= Dronning Caroline Mathilde (DAC ship) =

1769 Danish East Indiaman ship

Dronning Caroline Mathilde, later renamed Ganges, following the arrest of her namesake, Princess Caroline-Mathilde of Denmark, was an East Indiaman of the Danish Asiatic Company, built in 1769. She sailed on seven expeditions to the Rast Indies.

==Construction==
The Dronning Caroline Mathilde was built for the Danish Asiatic Company at Fabritius & Wever's dockyard in Copenhagen. Her bilbrev was issued on 6 November 1769. She was named in honour of Princess Caroline-Mathilde of Denmark. In January 1773, after her namesake had been compromised by her affair with Struense, she was renamed Ganges.

==Career==
===As Dronning Caroline Mathilde===
- 1769-1771
Dronning Caroline Mathilde departed from Copenhagen in 1769, bound for Tranquebar. She arrived back in Copenhagen in 1771.

- 1771-1773
She departed from Copenhagen in 1771, bound for Tranquebar. She arrived at Tranquebar in July 1772. She departed from Tranquebar in February 1773.

===As Ganges===
- 1773-1775
She was captained by Diderich Bagge on her first expedition to Tranquebar under the new name. Her travel pass (afgangspas) was issued in December 1773. She arrived at Tranquebar in June 1774.

She set sail from Tranquebar in February 1775, bound for Copenhagen. Hermann Abbestée and his family were on board the ship as passengers. Abbestée had just resigned from the post as interim governor of the colony after spending 13 years. The ship reached Copenhagen on 17 August 1775.

- 1776-1777
She was captained by E. Junge on her next expedition to Tranquebar in 1776-1777. Her travel pas was issued in March 1776. She arrived at Tranquebar in September 1776.

- 1778-1780
She was again captained by E. Junge on her next expedition to Tranquebar and Frederiksbagore in 1778-1780. Her travel pass was issued in March 1778. A young Jacob Brønnum Scavenius served as acting supercargp (officially as assistant but there was no supercargo) on the expedition. Scacenius made friends with Johan Leonhard Fix during his stay in Frederiksnagore. On the way back to Copenhagen, Ganges called at Tranquebar. This gave Scavenius an opportunity to apply was for the vacant position as 1st Assistant in Frederiksnagore. He ended up spending 15 years in India.

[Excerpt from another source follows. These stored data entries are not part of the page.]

Lemma sum4_single (F : nat -> R) (i : nat) :
  (i < 4)%nat -> (forall j, (j < 4)%nat -> j <> i -> F j = 0) -> sum4 F = F i.
Proof.
  intros Hi H0; unfold sum4.
  destruct i as [|[|[|[|i]]]]; [| | | | lia].
  - rewrite (H0 1%nat), (H0 2%nat), (H0 3%nat) by lia; ring.
  - rewrite (H0 0%nat), (H0 2%nat), (H0 3%nat) by lia; ring.
  - rewrite (H0 0%nat), (H0 1%nat), (H0 3%nat) by lia; ring.
  - rewrite (H0 0%nat), (H0 1%nat), (H0 2%nat) by lia; ring.
Qed.

Lemma forall_lt4_diag (P : nat -> nat -> Prop) :
  (forall k l, (k < 4)%nat -> (l < 4)%nat -> k <> l -> P k l) ->
  ((forall k l, (k < 4)%nat -> (l < 4)%nat -> P k l) <->
   P 0%nat 0%nat /\ P 1%nat 1%nat /\ P 2%nat 2%nat /\ P 3%nat 3%nat).
Proof.
  intros Hoff; split.
  - intros H; repeat split; apply H; lia.
  - intros (H0 & H1 & H2 & H3) k l Hk Hl.
    destruct (Nat.eq_dec k l) as [<-|Hkl]; [|now apply Hoff].
    destruct k as [|[|[|[|k]]]]; [assumption.. | lia].
Qed.

Lemma Rminus_mult_eq_iff (a s t c : R) :
  c <> 0 -> (a - s * c = t * c <-> a / c - s = t).
Proof.
  intros Hc; split; intros H.
  - apply (Rmult_eq_reg_r c); [|exact Hc].
    rewrite <- H; field; exact Hc.
  - rewrite <- H; field; exact Hc.
Qed.

Lemma mixed_einstein_iff (E0 E1 E2 E3 t0 t1 t2 t3 Dv Sg Rs : R) :
  E3 = E2 -> t3 = t2 -> E0 = - Dv -> E1 - E2 = Sg -> E1 + 2 * E2 - E0 = Rs ->
  let S := E0 + E1 + E2 + E3 in
  (E0 - / 2 * S = t0 /\ E1 - / 2 * S = t1 /\ E2 - / 2 * S = t2 /\ E3 - / 2 * S = t3) <->
  (/ 2 * Rs = - t0 /\ Dv = / 2 * (t1 + 2 * t2 - t0) /\ Sg = t1 - t2).
Proof.
  intros -> -> HD HSg HRs S; unfold S; split.
  - intros (H0 & H1 & H2 & _); repeat split; lra.
  - intros (H0 & H1 & H2); repeat split; lra.
Qed.

Lemma pd_ext_loc (f h : pt -> R) (k : nat) (x : pt) :
  locally (x k) (fun s => f (upd x k s) = h (upd x k s)) -> pd k f x = pd k h x.
Proof. intros H; unfold pd; apply Derive_ext_loc, H. Qed.

Definition diagonal_at (g : tfield) (x : pt) : Prop :=
  forall k l, (k < 4)%nat -> (l < 4)%nat -> k <> l -> g k l x = 0.

Section DiagonalMetric.

Variables (g ginv : tfield) (x : pt).
Hypothesis g_diag : diagonal_at g x.
Hypothesis g_diag_neq0 : forall k, (k < 4)%nat -> g k k x <> 0.
Hypothesis ginv_inv : is_inverse_at g ginv x.

Lemma inverse_diagonal (i k : nat) :
  (i < 4)%nat -> (k < 4)%nat ->
  ginv i k x = if Nat.eqb i k then / g i i x else 0.
Proof.
  intros Hi Hk.
  assert (Hrow : g i i x * ginv i k x = if Nat.eqb i k then 1 else 0).
  { rewrite <- (ginv_inv i k Hi Hk).
    symmetry; apply (sum4_single (fun j => g i j x * ginv j k x)); [exact Hi|].
    intros j Hj Hji; rewrite (g_diag i j) by auto; ring. }
  apply (Rmult_eq_reg_l (g i i x)); [|now apply g_diag_neq0].
  rewrite Hrow; destruct (Nat.eqb i k); [field; now apply g_diag_neq0 | ring].
Qed.

Lemma christoffel_diagonal (i k l : nat) :
  (i < 4)%nat ->
  christoffel g ginv i k l x =
  (pd k (g i l) x + pd l (g i k) x - pd i (g k l) x) / (2 * g i i x).
Proof.
  intros Hi; unfold christoffel.
  rewrite (sum4_single _ i Hi).
  - rewrite inverse_diagonal, Nat.eqb_refl by exact Hi.
    field; now apply g_diag_neq0.
  - intros m Hm Hmi.
    rewrite inverse_diagonal by assumption.
    apply Nat.eqb_neq in Hmi; rewrite Nat.eqb_sym, Hmi; ring.
Qed.

Lemma scal_diagonal :
  Defs.scal g ginv x = sum4 (fun k => ricci g ginv k k x / g k k x).
Proof.
  unfold Defs.scal; apply sum4_ext; intros k Hk.
  rewrite (sum4_single _ k Hk).
  - rewrite inverse_diagonal, Nat.eqb_refl by exact Hk.
    unfold Rdiv; ring.
  - intros l Hl Hlk.
    rewrite inverse_diagonal by assumption.
    apply Nat.eqb_neq in Hlk; rewrite Nat.eqb_sym, Hlk; ring.
Qed.

End DiagonalMetric.

Definition regular_at (b f1 f2 : R -> R) (r : R) : Prop :=
  0 < b r /\ 0 < f1 r /\ 0 < f2 r /\
  ex_derive b r /\ ex_derive f1 r /\ ex_derive f2 r /\
  ex_derive (Derive b) r /\ ex_derive (Derive f1) r /\ ex_derive (Derive f2) r.

Lemma regular_at_smooth (U : R -> Prop) (b f1 f2 : R -> R) (r : R) :
  smooth_on U b -> smooth_on U f1 -> smooth_on U f2 ->
  0 < b r /\ 0 < f1 r /\ 0 < f2 r -> U r -> regular_at b f1 f2 r.
Proof.
  intros Hb Hf1 Hf2 (Hb0 & Hf10 & Hf20) Hr.
  repeat split; try assumption;
    [apply (Hb 0%nat) | apply (Hf1 0%nat) | apply (Hf2 0%nat)
    | apply (Hb 1%nat) | apply (Hf1 1%nat) | apply (Hf2 1%nat)]; exact Hr.
Qed.

Lemma sin_neq0_chart (y : pt) : 0 < y 2%nat < PI -> sin (y 2%nat) <> 0.
Proof. intros Hth; apply Rgt_not_eq, sin_gt_0; apply Hth. Qed.

Lemma in_chart_locally (U : R -> Prop) (x : pt) (j : nat) :
  open U -> in_chart U x -> locally (x j) (fun s => in_chart U (upd x j s)).
Proof.
  intros HU [Hr Hth].
  destruct j as [|[|[|j]]]; unfold in_chart, upd; simpl.
  - apply filter_forall; auto.
  - apply (filter_imp U); [auto | exact (HU _ Hr)].
  - apply (filter_imp (fun u => 0 < u /\ u < PI)); [auto |].
    exact (open_and _ _ (open_gt 0) (open_lt PI) _ Hth).
  - apply filter_forall; auto.
Qed.

Ltac solve_neq0 :=
  repeat match goal with
  | |- _ /\ _ => split
  | |- _ * _ <> 0 => apply Rmult_integral_contrapositive_currified
  | |- - _ <> 0 => apply Ropp_neq_0_compat
  | |- _ ^ _ <> 0 => apply pow_nonzero
  end; first [assumption | lra].

(* auto_derive returns eta-expanded profiles, which ring would treat as new atoms. *)
Ltac fold_eta b f1 f2 :=
  try change (fun x : R => b x) with b;
  try change (fun x : R => f1 x) with f1;
  try change (fun x : R => f2 x) with f2;
  try change (fun x : R => Derive b x) with (Derive b);
  try change (fun x : R => Derive f1 x) with (Derive f1);
  try change (fun x : R => Derive f2 x) with (Derive f2).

Ganges set sail from Tranquebar in March 1779, bound for Copenhagen.

- 1780-1782
She was captained by O. Selvog on her next expedition to Tranquebar in 1780-1782. 	Ger travel pas was issued in October 1780. She arrived at Tranquebar in July 1781.

- 1782-1785
The Ganges was captained by Capt. Haaber on her last expedition to Danish India in 1782-1785. Her travel pas was issued in November 1782. She departed from Serampore in December 1674, bound for Copenhagen.